Anno di pubblicazione: 2014

L’affascinante e sfuggente figura di Max Salvadori ha suscitato ammirazione e perplessità,
fin dal secondo dopoguerra. Incertezze e dubbi sulla moralità di questo antifascista
liberale che, come rivela l’a. studiando a fondo nel primo capitolo le solide matrici
antifasciste della famiglia Salvadori, avevano già avvolto negli anni ’20 e ’30 il padre.
L’a. si sofferma a lungo nel primo capitolo sul rapporto tra padre e figlio, narrando
l’aggressione squadrista subita da Guglielmo Salvadori davanti agli occhi del giovane
Max, un attacco che Guglielmo considerava – nonostante le critiche in tal senso ricevute
da Salvemini – un tentato omicidio ordinato da Mussolini come punizione per gli articoli
critici verso il regime scritti nell’infuocato clima del delitto Matteotti.
Ad ogni modo, l’a. sottolinea il forte impatto emotivo che suscitò in Max questo
episodio, determinante non solo nel comportare il trasferimento di tutta la famiglia in
Svizzera ma anche nell’orientarlo politicamente.
Se in questa parte del volume, il protagonista è ancora il padre, inizia a delinearsi
però la vigorosa figura morale della madre, la contessa Giacinta Galletti di Chadillac,
grazie alla cui nazionalità inglese Max potrà beneficiare della doppia cittadinanza.
Durante l’esilio in Svizzera, Guglielmo e Giacinta collaborano con l’antifascismo svizzero
e francese, entrando in contatto con Salvemini, Cianca e altre figure di spicco del futuro
movimento giellista, con cui Max inizia a collaborare subito dopo la fondazione nel 1929.
Nel secondo capitolo si analizza l’attività politica clandestina svolta da Salvadori per
Giustizia e Libertà al suo rientro in Italia dall’esilio svizzero, consistente soprattutto nella
diffusione della stampa clandestina e nell’organizzazione di una cellula a Roma.
L’arresto nel 1932, la detenzione, la condanna al confino e soprattutto la lettera a
Mussolini con cui s’impegnava a non svolgere attività contro il fascismo e che gli avrebbe
consentito di non scontare la pena sono analizzati con equilibrio senza moralismo.
Il terzo capitolo segue le attività politiche dell’inquieto Salvadori dopo il suo rilascio,
evidenziandone luci e ombre.
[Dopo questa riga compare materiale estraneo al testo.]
(* Let $n\ge 2$. For a partition $\lambda$ of $n$, let $u_\lambda$ be the number of unrooted binary trees with leaf set $[n]$ fixed by the relabeling action of a permutation $\sigma\in\mathfrak{S}_n$ of cycle type $\lambda$ (equivalently, $u_\lambda$ is the coefficient of $p_\lambda/z_\lambda$ in $Z_U=h_3[Z_R]+p_1Z_R+Z_R-Z_R^2-p_1$), let $\lambda^2$ be the cycle type of $\sigma^2$, and let $z_\lambda=\prod_{i\ge1}i^{m_i}m_i!$ where $m_i$ is the number of parts of $\lambda$ equal to $i$. Then the number of unlabeled unrooted tanglegrams with $n$ leaves is $\sum_{\lambda\vdash n} u_\lambda^2/z_\lambda$, and the number of unlabeled unrooted unordered tanglegrams with $n$ leaves is \[ \frac12\sum_{\lambda\vdash n}\frac{u_\lambda^2}{z_\lambda}+\frac12\sum_{\lambda\vdash n}\frac{u_{\lambda^2}}{z_\lambda}. \]
   Context: An unrooted binary tree with leaf set $A$ is a tree in which every vertex has degree one or three, whose leaves (degree-one vertices) are labeled bijectively by $A$ and whose degree-three vertices are unlabeled; the one-vertex tree is excluded; trees are considered up to label-preserving isomorphism. A (rooted) binary tree with leaf set $A$ is a rooted tree in which every vertex has zero or two unordered children, with leaves labeled bijectively by $A$ and internal vertices unlabeled (the single labeled vertex counts). $\mathfrak{S}_n$ acts on trees with leaf set $[n]$ by relabeling leaves. An unrooted tanglegram with leaf set $[n]$ is an ordered pair of unrooted binary trees with leaf set $[n]$; an unrooted unordered tanglegram is an unordered pair (multiset of size two) of such trees. $\mathfrak{S}_n$ acts on both by relabeling the two trees simultaneously, and the unlabeled objects with $n$ leaves are the orbits. Cycle index of a species $F$: $Z_F=\sum_{n\ge0}\frac1{n!}\sum_{\sigma\in\mathfrak{S}_n}\mathrm{fix}\,F[\sigma]\,p_\sigma$ with $p_\sigma=\prod_i p_i^{\sigma_i}$, $\sigma_i$ the number of $i$-cycles; $Z_R$, $Z_U$ are the cycle indices of rooted and unrooted binary trees; $h_3=\tfrac16(p_1^3+3p_1p_2+2p_3)$; plethysm $f[g]$ replaces each $p_i$ in $f$ by $g(p_i,p_{2i},\dots)$. *)

From mathcomp Require Import all_boot all_order all_fingroup all_algebra.
Set Implicit Arguments. Unset Strict Implicit. Unset Printing Implicit Defensive.

(* Vertices of an unrooted binary tree with leaf set [n]: the n labeled leaves
   (inl i) and n-2 unlabeled internal vertices (inr j).  A tree whose vertices
   have degree 1 or 3 with n leaves has exactly n-2 degree-3 vertices. *)
Definition V (n : nat) := ('I_n + 'I_n.-2)%type.

Definition graph (n : nat) := {set (V n * V n)}.

Definition deg n (G : graph n) (x : V n) : nat := #|[set y | (x, y) \in G]|.

Definition is_ubtree n (G : graph n) : bool :=
  [&& [forall x, (x, x) \notin G],
      [forall x, forall y, ((x, y) \in G) == ((y, x) \in G)],
      [forall x, forall y, connect (fun a b => (a, b) \in G) x y],
      #|G| == 2 * (#|{: V n}|).-1,
      [forall i, deg G (inl i) == 1] &
      [forall j, deg G (inr j) == 3]].

Definition vmap n (s : {perm 'I_n}) (p : {perm 'I_n.-2}) (v : V n) : V n :=
  match v with inl i => inl (s i) | inr j => inr (p j) end.

Definition gmap n (f : V n -> V n) (G : graph n) : graph n :=
  [set (f e.1, f e.2) | e in G].

Definition UBT n : {set graph n} := [set G : graph n | is_ubtree G].

Definition isoclass n (G : graph n) : {set graph n} :=
  [set H in UBT n | [exists p : {perm 'I_n.-2}, gmap (vmap 1 p) G == H]].

(* unrooted binary trees with leaf set [n], up to label-preserving isomorphism *)
Definition Trees n : {set {set graph n}} := [set isoclass G | G in UBT n].

Definition actT n (s : {perm 'I_n}) (C : {set graph n}) : {set graph n} :=
  [set gmap (vmap s 1) G | G in C].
Non pare esservi dubbio, leggendo il libro, che Salvadori
compia il salto di qualità politico collaborando con l’intelligence inglese, con cui entra in
contatto grazie alla nazionalità britannica e alle relazioni famigliari. Qui dimostra acuta
intelligenza e abilità politica non priva di un machiavellismo al limite dell’ambiguità,
soprattutto nei rapporti con la polizia politica fascista fra anni ’30 e 1941.
L’a. si deve infine «arrendere» davanti l’impossibilità di chiarire le responsabilità di
Salvadori e degli inglesi rispetto all’ordine di uccidere Mussolini. Questa e altre difficoltà
a chiarire il senso di alcune attività di Salvadori sono dovute soprattutto all’impossibilità
di consultare il suo archivio personale, limite che l’a. cerca di superare con documenti della
polizia politica fascista ma che si sarebbe forse meglio compensato analizzando meglio
il profilo ideologico-cuturale di Salvadori, qui approfondito solo a tratti.